EXERCISE OBJECTIVE ▸ Below is a listing; repeat exactly the lines from the one containing "by rewrite /F exprS; ring." to the one containing "exact: (proj1 peta).", both included.

DATA FOR ANALYSIS ▸
####

(* With [q] the integer part of [y], [|F_n - n| > y] means [F_n > n + q] or
   [F_n + q < n]. *)
Lemma abs_sumG_gt n y : (1 <= n)%N -> 0 <= y ->
  (y%:E < `|sumG R xi n w|)%E <->
  ((ns (2 * n + Num.truncn y) < n)%N \/
   ((Num.truncn y < n)%N /\ (n <= ns (2 * n - Num.truncn y - 1))%N)).
Proof.
move=> n1 y0; set q := Num.truncn y.
have /andP [qy yq] := truncn_itv y0; rewrite -/q -addn1 natrD in qy yq.
have [[Finf few]|[F [Fn Fspec]]] := Ffail_spec n.
  split=> _; first by left; exact: few.
  suff /fin_numPn [->|->] : sumG R xi n w \isn't a fin_num by rewrite /= ltry.
  rewrite /sumG; case: n n1 {few} Finf => // n' _ Finf.
  by rewrite big_nat_recr //= fin_numD negb_and fin_numD /Gt fin_numB Finf orbT.
have FA : (ns (2 * n + q) < n)%N <-> (n + q < F)%N.
  have -> : (2 * n + q = n + q + n)%N by lia.
  by have := Fspec (n + q)%N; lia.
have FB : (q < n)%N /\ (n <= ns (2 * n - q - 1))%N <-> (F + q < n)%N.
  have Fspec' : (q < n)%N -> (F <= n - q - 1)%N <-> (n <= ns (2 * n - q - 1))%N.
    by move=> qn; have -> : (2 * n - q - 1 = n - q - 1 + n)%N by lia.
  split=> [[qn /(Fspec' qn)] | Fqn]; first lia.
  have qn : (q < n)%N by lia.
  by split=> //; apply/(Fspec' qn); lia.
rewrite (sumG_finite Fn Fspec) abse_EFin lte_fin FA FB ltr_normr.
split=> [/orP [] ?|[] lt]; [left|right|apply/orP; left|apply/orP; right].
- by rewrite -(ltr_nat R) natrD; lra.
- by rewrite -(ltr_nat R) natrD; lra.
- by move: lt; rewrite -(ler_nat R) -addn1 !natrD; lra.
- by move: lt; rewrite -(ler_nat R) -addn1 !natrD; lra.
Qed.

End FailureCounts.

Section Trajectories.
Variables (R : realType) (N : nat) (K : 'M[R]_N) (p : 'I_N -> R) (eta : 'rV[R]_N).

Local Notation traj := (nat -> 'I_N * bool).

Definition update (g : traj) (j : nat) (x : 'I_N * bool) : traj :=
  fun i => if i == j then x else g i.

(* [traj_sum m j g Phi] sums [Phi] over the trajectories that agree with [g] outside
   the window [j, j + m). *)
Fixpoint traj_sum (m j : nat) (g : traj) (Phi : traj -> R) : R :=
  if m is m'.+1 then \sum_(x : 'I_N * bool) traj_sum m' j.+1 (update g j x) Phi
  else Phi g.

Lemma ler_traj_sum m j g (Phi Psi : traj -> R) :
  (forall g, Phi g <= Psi g) -> traj_sum m j g Phi <= traj_sum m j g Psi.
Proof.
move=> PhiPsi; elim: m j g => [|m IH] j g /=; first exact: PhiPsi.
by apply: ler_sum => x _; apply: IH.
Qed.

Lemma traj_sum_mulr m j g (Phi : traj -> R) c :
  traj_sum m j g (fun g => Phi g * c) = traj_sum m j g Phi * c.
Proof.
elim: m j g => [|m IH] j g //=.
by rewrite mulr_suml; apply: eq_bigr => x _; rewrite IH.
Qed.

Definition traj_prob (L : nat) (g : traj) : R :=
  fdd K p eta L (fun i => (g i).1) (fun i => (g i).2).

Lemma traj_prob_update j g x :
  traj_prob j.+1 (update g j x) =
  traj_prob j g * (if j is j'.+1 then K (g j').1 x.1 else eta 0 x.1)
    * bern (p x.1) x.2.
Proof.
rewrite /traj_prob /fdd /update; case: j => [|j] /=.
  by rewrite big_ord0 big_ord1 /= mulr1 mul1r.
rewrite [\prod_(i < j.+1) K _ _]big_ord_recr [\prod_(i < j.+2) _]big_ord_recr /=.
rewrite eqxx ltn_eqF //.
rewrite (eq_bigr (fun i : 'I_j => K (g i).1 (g i.+1).1)) => [|i _]; last first.
  by rewrite (ltn_eqF (leqW (ltn_ord i))) (@ltn_eqF i.+1 j.+1 (ltn_ord i)).
rewrite (eq_bigr (fun i : 'I_j.+1 => bern (p (g i).1) (g i).2)) => [|i _]; last first.
  by rewrite ltn_eqF.
by ring.
Qed.

Variable h : 'I_N -> R.

Definition Kh (i : 'I_N) : R := \sum_l K i l * h l.

Definition mart_incr (g : traj) (j : nat) : R :=
  ((g j).2 : nat)%:R - p (g j).1 +
  (if j is j'.+1 then h (g j).1 - Kh (g j').1 else 0).

Definition mart (k : nat) (g : traj) : R := \sum_(j < k) mart_incr g j.

Lemma mart_update j g x :
  mart j.+1 (update g j x) = mart j g + mart_incr (update g j x) j.
Proof.
rewrite /mart big_ord_recr /=; congr (_ + _); apply: eq_bigr => i _.
rewrite /mart_incr /update ltn_eqF //.
by case: (nat_of_ord i) (ltn_ord i) => [|i'] //= lt; rewrite ltn_eqF // ltnW.
Qed.

Lemma mart_incr_update j g x : mart_incr (update g j x) j =
  (x.2 : nat)%:R - p x.1 + (if j is j'.+1 then h x.1 - Kh (g j').1 else 0).
Proof. by rewrite /mart_incr /update eqxx; case: j => [|j] //=; rewrite ltn_eqF. Qed.

Hypotheses (sK : stochastic K) (peta : prob_vec eta) (p01 : forall i, 0 < p i < 1).

Lemma bern_ge0 i b : 0 <= bern (p i) b.
Proof. by have := p01 i; case: b => /= /andP [? ?]; lra. Qed.

Lemma traj_prob_ge0 L g : 0 <= traj_prob L g.
Proof.
rewrite /traj_prob /fdd; case: L => [|L] //.
rewrite !mulr_ge0 ?(proj1 peta) //; apply: prodr_ge0 => i _.
  exact: (proj1 sK).
exact: bern_ge0.
Qed.

Lemma big_pair_bool (F : 'I_N * bool -> R) :
  \sum_x F x = \sum_i (F (i, true) + F (i, false)).
Proof.
transitivity (\sum_i \sum_(b : bool) F (i, b)).
  by rewrite pair_bigA; apply: eq_bigr => -[].
by apply: eq_bigr => i _; rewrite big_bool.
Qed.

Variable H : R.
Hypotheses (H0 : 0 <= H) (hH : forall i, `|h i| <= H).

Lemma Kh_norm_le i : `|Kh i| <= H.
Proof.
apply: le_trans (ler_norm_sum _ _ _) _.
apply: le_trans (_ : \sum_l K i l * H <= _).
  by apply: ler_sum => l _; rewrite normrM ger0_norm ?(proj1 sK) // ler_wpM2l ?(proj1 sK).
by rewrite -mulr_suml (proj2 sK) mul1r.
Qed.

Local Notation B := (1 + 2 * H).

Lemma step_mgf_le (q a : 'I_N -> R) l : (forall i, 0 <= q i) -> \sum_i q i = 1 ->
  \sum_i q i * a i = 0 -> (forall i, `|a i| <= 2 * H) -> `|l| * B <= 1/2 ->
  \sum_(x : 'I_N * bool) q x.1 * bern (p x.1) x.2 *
     expR (l * ((x.2 : nat)%:R - p x.1 + a x.1))
  <= expR (2 * l ^+ 2 * B ^+ 2).
Proof.
move=> q0 q1 qa aH lB.
apply: (@centered_mgf_le R _ (fun x => q x.1 * bern (p x.1) x.2)) => //.
- by move=> x; rewrite mulr_ge0 ?bern_ge0.
- by rewrite big_pair_bool -[RHS]q1; apply: eq_bigr => i _ /=; ring.
- by rewrite big_pair_bool -[RHS]qa; apply: eq_bigr => i _ /=; ring.
- move=> x; apply: le_trans (ler_normD _ _) _; rewrite lerD //.
  have := p01 x.1; case: x.2 => /= /andP [? ?].
  all: by rewrite ler_norml; apply/andP; split; lra.
Qed.

(* Azuma's bound, proved backwards along the trajectory: conditionally on the first [j]
   coordinates, each further increment multiplies the moment generating function by
   at most [expR (2 l^2 B^2)]. *)
Lemma mart_mgf_le k l : `|l| * B <= 1/2 ->
  forall m j g, (j + m)%N = k ->
  traj_sum m j g (fun g => traj_prob k g * expR (l * mart k g))
  <= traj_prob j g * expR (l * mart j g) * expR (2 * l ^+ 2 * B ^+ 2) ^+ m.
Proof.
move=> lB; set e := expR _; elim=> [|m IH] j g jmk /=.
  by move: jmk; rewrite addn0 => ->; rewrite expr0 mulr1.
apply: (@le_trans _ _ (\sum_(x : 'I_N * bool) traj_prob j.+1 (update g j x) *
     expR (l * mart j.+1 (update g j x)) * e ^+ m)).
  by apply: ler_sum => x _; apply: IH; rewrite addSnnS.
set F := traj_prob j g * expR (l * mart j g) * e ^+ m.
have -> : \sum_(x : 'I_N * bool) traj_prob j.+1 (update g j x) *
     expR (l * mart j.+1 (update g j x)) * e ^+ m =
  F * \sum_(x : 'I_N * bool) (if j is j'.+1 then K (g j').1 x.1 else eta 0 x.1)
     * bern (p x.1) x.2 * expR (l * mart_incr (update g j x) j).
  rewrite mulr_sumr; apply: eq_bigr => x _.
  by rewrite traj_prob_update mart_update mulrDr expRD /F; ring.
have -> : traj_prob j g * expR (l * mart j g) * e ^+ m.+1 = F * e.
  by rewrite /F exprS; ring.
apply: ler_wpM2l; first by rewrite /F !mulr_ge0 ?exprn_ge0 ?expR_ge0 ?traj_prob_ge0.
under eq_bigr do rewrite mart_incr_update.
case: j {jmk IH F} => [|j] /=.
- apply: (step_mgf_le (q := eta 0) (a := fun _ => 0)) => //.
  + exact: (proj1 peta).
  + exact: (proj2 peta).
  + by rewrite big1 // => i _; rewrite mulr0.
  + by move=> i; rewrite normr0 mulr_ge0.
- apply: (step_mgf_le (q := K (g j).1) (a := fun i => h i - Kh (g j).1)) => //.
  + by move=> i; exact: (proj1 sK).
  + exact: (proj2 sK).
  + under eq_bigr do rewrite mulrBr.
    by rewrite sumrB -mulr_suml (proj2 sK) mul1r subrr.
  + move=> i; apply: le_trans (ler_normB _ _) _.
    by have := hH i; have := Kh_norm_le (g j).1; lra.
Qed.

Local Open Scope classical_set_scope.

Definition prefix_determined (k : nat) (Phi : traj -> bool) : Prop :=
  forall g g', (forall i, (i < k)%N -> g i = g' i) -> Phi g = Phi g'.

Variables (d : measure_display) (Omega : measurableType d) (P : probability Omega R)
  (Rc : nat -> Omega -> 'I_N) (xi : nat -> Omega -> bool).
Hypotheses (mRc : forall j r, measurable [set w | Rc j w = r])
  (mxi : forall j, measurable [set w | xi j w = true])
  (Pfdd : forall L (r : nat -> 'I_N) (b : nat -> bool),
     P [set w | forall j, (j < L)%N -> Rc j w = r j /\ xi j w = b j]
     = (fdd K p eta L r b)%:E).

Definition path_of (w : Omega) : traj := fun i => (Rc i w, xi i w).

Definition cylinder (j : nat) (g : traj) : set Omega :=
  [set w | forall i, (i < j)%N -> Rc i w = (g i).1 /\ xi i w = (g i).2].

Lemma cylinder0 g : cylinder 0 g = setT.
Proof. by apply/seteqP; split=> w // _ i. Qed.

Lemma cylinder_measurable j g : measurable (cylinder j g).
Proof.
elim: j => [|j IH]; first by rewrite cylinder0.
have -> : cylinder j.+1 g =
    cylinder j g `&` [set w | Rc j w = (g j).1] `&` [set w | xi j w = (g j).2].
  apply/seteqP; split=> w /=.
    move=> cw; have [Rj xij] := cw j (ltnSn j); split=> //; split=> // i lt.
    by apply: cw; exact: ltnW.
  by move=> [[cw ?] ?] i; rewrite ltnS leq_eqVlt => /orP [/eqP -> //|]; exact: cw.
apply: measurableI; first exact: measurableI.
case: (g j).2; first exact: mxi.
rewrite (_ : [set w | xi j w = false] = ~` [set w | xi j w = true]).
  exact: measurableC.
by apply/seteqP; split=> w /=; [move=> -> | move/negP/negbTE].
Qed.

(* Splitting the cylinder of length [j] into the cylinders of length [j.+1] reduces
   [P (E `&` cylinder j g)] to the sum of [traj_prob k] over the trajectories of [E]. *)
Lemma prefix_event_bound (Phi : traj -> bool) k : prefix_determined k Phi ->
  forall m j g, (j + m)%N = k ->
  measurable ([set w | Phi (path_of w)] `&` cylinder j g) /\
  (P ([set w | Phi (path_of w)] `&` cylinder j g)
    <= (traj_sum m j g (fun g => (Phi g)%:R * traj_prob k g))%:E)%E.
Proof.
move=> Phik; elim=> [|m IH] j g /=.
  rewrite addn0 => jk; subst k.
  have Phi_cyl w : cylinder j g w -> Phi (path_of w) = Phi g.
    move=> cw; apply: Phik => i lt; case: (cw i lt).
    by rewrite /path_of; case: (g i) => ? ? /= -> ->.
  have [Phig|nPhig] := boolP (Phi g).
  - have -> : [set w | Phi (path_of w)] `&` cylinder j g = cylinder j g.
      by apply/seteqP; split=> [w [] //|w cw]; split; rewrite //= Phi_cyl.
    by rewrite Pfdd mul1r; split; first exact: cylinder_measurable.
  - have -> : [set w | Phi (path_of w)] `&` cylinder j g = set0.
      by apply/seteqP; split=> // w [/= Phiw /Phi_cyl]; rewrite Phiw (negbTE nPhig).
    by rewrite measure0 mul0r.
move=> jmk; have {}IH x := IH j.+1 (update g j x) (etrans (addSnnS j m) jmk).
have -> : [set w | Phi (path_of w)] `&` cylinder j g =
    \big[setU/set0]_(x <- index_enum ('I_N * bool)%type)
      ([set w | Phi (path_of w)] `&` cylinder j.+1 (update g j x)).
  rewrite -bigcup_seq; apply/seteqP; split=> w /=.
    move=> [Phiw cw]; exists (path_of w j); first exact: mem_index_enum.
    split=> // i; rewrite ltnS leq_eqVlt => /orP [/eqP ->|lt].
      by rewrite /update eqxx.
    by rewrite /update ltn_eqF //; apply: cw.
  move=> [x _ [Phiw cw]]; split=> // i lt.
  by have := cw i (ltnW lt); rewrite /update ltn_eqF.
split; first by apply: bigsetU_measurable => x _; exact: (IH x).1.
apply: le_trans (measure_big_setU_le P _ (fun x => (IH x).1)) _.
by rewrite -sumEFin; apply: lee_sum => x _; exact: (IH x).2.
Qed.

Lemma prefix_event_measurable (Phi : traj -> bool) k :
  prefix_determined k Phi -> measurable [set w | Phi (path_of w)].
Proof.
move=> Phik; have [w0 _] := probability_inhabited P.
have [+ _] := prefix_event_bound Phik (path_of w0) (add0n k).
by rewrite cylinder0 setIT.
Qed.

Lemma mart_chernoff (Phi : traj -> bool) k l s :
  prefix_determined k Phi -> `|l| * B <= 1/2 ->
  (forall g, Phi g -> s <= l * mart k g) ->
  (P [set w | Phi (path_of w)] <=
     (expR (2 * l ^+ 2 * B ^+ 2) ^+ k * expR (- s))%:E)%E.
Proof.
move=> Phik lB Phi_dev; have [w0 _] := probability_inhabited P.
have [_] := prefix_event_bound Phik (path_of w0) (add0n k).
rewrite cylinder0 setIT => /le_trans; apply; rewrite lee_fin.
apply: le_trans (ler_traj_sum k 0 (path_of w0)
   (Psi := fun g => traj_prob k g * expR (l * mart k g) * expR (- s)) _) _.
  move=> g; have [Phig|_] /= := boolP (Phi g); last first.
    by rewrite mul0r !mulr_ge0 ?expR_ge0 ?traj_prob_ge0.
  rewrite mul1r -[X in X <= _]mulr1 -mulrA ler_wpM2l ?traj_prob_ge0 // -expRD.
  by have := Phi_dev g Phig; have := expR_ge1Dx (l * mart k g - s); lra.
rewrite traj_sum_mulr ler_wpM2r ?expR_ge0 //.
apply: le_trans (mart_mgf_le lB (path_of w0) (add0n k)) _.
by rewrite /traj_prob /= /mart big_ord0 mulr0 expR0 !mul1r.
Qed.

Definition succ_count (k : nat) (g : traj) : nat := \sum_(i < k) (g i).2.

Lemma succ_count_determined k (c : pred nat) :
  prefix_determined k (fun g => c (succ_count k g)).
Proof. by move=> g g' gg'; congr c; apply: eq_bigr => i _; rewrite gg'. Qed.

Lemma abs_sumG_gt_event n y : (1 <= n)%N -> 0 <= y ->
  [set w | (y%:E < `|sumG R xi n w|)%E] =
  [set w | (succ_count (2 * n + Num.truncn y) (path_of w) < n)%N] `|`
  [set w | (Num.truncn y < n)%N &&
           (n <= succ_count (2 * n - Num.truncn y - 1) (path_of w))%N].
Proof.
move=> n1 y0; apply/seteqP; split=> w /=.
  by move/(abs_sumG_gt xi w n1 y0) => [|[-> ?]]; [left|right].
by case=> [?|/andP [? ?]]; apply/(abs_sumG_gt xi w n1 y0); [left|right].
Qed.

Hypothesis hpois : forall i, h i - Kh i = p i - 1/2.

Lemma succ_count_mart k g :
  (succ_count k.+1 g)%:R - k.+1%:R / 2 - mart k.+1 g = h (g 0%N).1 - Kh (g k).1.
Proof.
elim: k => [|k IH].
  rewrite /succ_count /mart !big_ord1 /mart_incr /= addr0.
  by have := hpois (g 0%N).1; lra.
rewrite /succ_count /mart big_ord_recr [\sum_(j < k.+2) _]big_ord_recr /= natrD.
rewrite -/(succ_count k.+1 g) -/(mart k.+1 g) -[k.+2]addn1 natrD /mart_incr.
by have := hpois (g k.+1).1; move: IH; lra.
Qed.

####

THE COMPLETED TASK ▸
  by rewrite /F exprS; ring.
apply: ler_wpM2l; first by rewrite /F !mulr_ge0 ?exprn_ge0 ?expR_ge0 ?traj_prob_ge0.
under eq_bigr do rewrite mart_incr_update.
case: j {jmk IH F} => [|j] /=.
- apply: (step_mgf_le (q := eta 0) (a := fun _ => 0)) => //.
  + exact: (proj1 peta).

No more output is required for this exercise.